Question

A body executes simple harmonic motion under the action of a force $F_1$ with a time period $\left(4/5\right)$ seconds. If the force is changed to $F_2$, it executes SHM with time period $\left(3/5\right)$ seconds.
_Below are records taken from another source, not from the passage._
(* Let $k$ be a field, $n\ge 2$, and let $Q$ be the $n$-Kronecker quiver. Let $\mathcal F=\{(x,y)\in\mathbb N^2 : \tfrac{1}{n-1}x<y\le (n-1)x\}$. For every $(x,y)\in\mathcal F$ there are at least $n$ isomorphism classes of cover-thin $kQ$-modules $N$ with dimension vector $(x,y)$.
   Context: The $n$-Kronecker quiver $Q$ has two vertices, a source $1$ and a sink $2$, and $n$ arrows $\alpha_1,\dots,\alpha_n\colon 1\to 2$; a finite-dimensional $kQ$-module $N$ is a representation with spaces $N_1,N_2$ and maps $N_{\alpha_i}\colon N_1\to N_2$, with dimension vector $(\dim N_1,\dim N_2)$. The universal covering $\widetilde Q$ of $Q$ is the $n$-regular tree (every vertex has exactly $n$ neighbours) with bipartite orientation (every vertex is a sink or a source), together with the covering map to $Q$ sending sources to $1$, sinks to $2$, and labelling each arrow by some $\alpha_i$ such that at every vertex the $n$ incident arrows carry the $n$ distinct labels $\alpha_1,\dots,\alpha_n$. The push-down functor $\pi\colon \operatorname{mod}k\widetilde Q\to\operatorname{mod}kQ$ sends a finite-dimensional representation $M$ of $\widetilde Q$ to the $kQ$-module with $\pi(M)_1=\bigoplus_{v\text{ source}}M_v$, $\pi(M)_2=\bigoplus_{v\text{ sink}}M_v$, and $\pi(M)_{\alpha_i}$ the sum of the maps $M_\beta$ over all arrows $\beta$ of $\widetilde Q$ labelled $\alpha_i$. An indecomposable representation is thin if each of its vector spaces has dimension $0$ or $1$. A $kQ$-module is cover-thin if it is isomorphic to $\pi(M)$ for some thin indecomposable representation $M$ of $\widetilde Q$. Here $\mathbb N$ denotes the positive integers. *)

From mathcomp Require Import all_boot all_order all_algebra.
Set Implicit Arguments. Unset Strict Implicit. Unset Printing Implicit Defensive.
Import GRing.Theory.
Local Open Scope ring_scope.

(* A finite-dimensional kQ-module N: spaces N_1 = k^d1, N_2 = k^d2 and, for each
   arrow alpha_i (i : 'I_n), a linear map N_1 -> N_2 given as a matrix
   'M_(d1,d2) acting on row vectors (u |-> u *m mapQ i). *)
Record kQmod (k : fieldType) (n : nat) := KQmod {
  d1 : nat;
  d2 : nat;
  mapQ : 'I_n -> 'M[k]_(d1, d2) }.

Definition kQiso (k : fieldType) (n : nat) (N N' : kQmod k n) : Prop :=
  exists (P : 'M[k]_(d1 N, d1 N')) (P' : 'M[k]_(d1 N', d1 N))
         (R : 'M[k]_(d2 N, d2 N')) (R' : 'M[k]_(d2 N', d2 N)),
    [/\ P *m P' = 1%:M, P' *m P = 1%:M, R *m R' = 1%:M, R' *m R = 1%:M &
        forall i, mapQ N i *m R = P *m mapQ N' i].

(* Vertices: reduced words w = [:: i_1; ...; i_m] in 'I_n (consecutive letters
   distinct), recording the labels of the path from the root (a source). *)
Definition reduced (n : nat) (w : seq 'I_n) : bool :=
  sorted (fun a b : 'I_n => a != b) w.

Definition tsource (n : nat) (w : seq 'I_n) : bool := ~~ odd (size w).
Definition tsink (n : nat) (w : seq 'I_n) : bool := odd (size w).

Definition tarrow (n : nat) (i : 'I_n) (v w : seq 'I_n) : bool :=
  [&& reduced v, reduced w &
      (tsource v && (w == rcons v i)) || (tsink w && (v == rcons w i))].

(* A thin finite-dimensional representation M of the tree: a finite set S of
   vertices (duplicate-free list of reduced words) with M_v = k for v in S and
   M_v = 0 otherwise; for an arrow beta : v -> w labelled alpha_i with
   v, w in S the map M_beta : k -> k is multiplication by c i v w (maps with an
   endpoint outside S are zero maps between/into 0-spaces). *)
Definition thin_ok (n : nat) (S : seq (seq 'I_n)) : bool :=
  uniq S && all (@reduced n) S.

Definition thin_endo (k : fieldType) (n : nat) (S : seq (seq 'I_n))
    (c : 'I_n -> seq 'I_n -> seq 'I_n -> k) (f : seq 'I_n -> k) : Prop :=
  forall i v w, v \in S -> w \in S -> tarrow i v w ->
    f w * c i v w = c i v w * f v.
If both the forces $F_1$ and $F_2$ act simultaneously in the same direction on the body, its time period (in seconds) is

• A. $12/25$
• B. $24/25$
• C. $35/24$
• D. $25/12$

Answer 1

The correct option is A $12/25$

$F_1=-k_{1}x,F_2=-k_{2}x$
$F_1=-\left(\frac{k_1}{m}\right)x;F_2=-\left(\frac{k_2}{m}\right)x$
$\Rightarrow F_1=-{\omega }_1^{2}x;f_2=-{\omega }_2^{2}x$
Now, resultant force $F=F_1+F_2=-k_{1}x-k_{2}x$
$\Rightarrow -kx=-k_{1}x-k_{2}x$
$\Rightarrow k=k_1+k_2\Rightarrow m{\omega }^2=m{\omega }_1^2+m{\omega }_2^2$
$\Rightarrow {\omega }^2={\omega }_1^2+{\omega }_2^2$
$\Rightarrow {\left(\frac{2\pi }{T}\right)}^2={\left(\frac{2\pi }{T_1}\right)}^2+{\left(\frac{2\pi }{T_2}\right)}^2$
$\Rightarrow \frac{1}{T^2}=\frac{1}{T_1^2}+\frac{1}{T_2^2}$
$\therefore T=\frac{T_1{T}_2}{\sqrt{T_1^2+T_2^2}}$
$=\frac{\frac{4}{5}\times \frac{3}{5}}{\sqrt{{\left(\frac{4}{5}\right)}^2+{\left(\frac{3}{5}\right)}^2}}=\frac{12}{25}\text{second}$
Hence, the correct answer is option (a).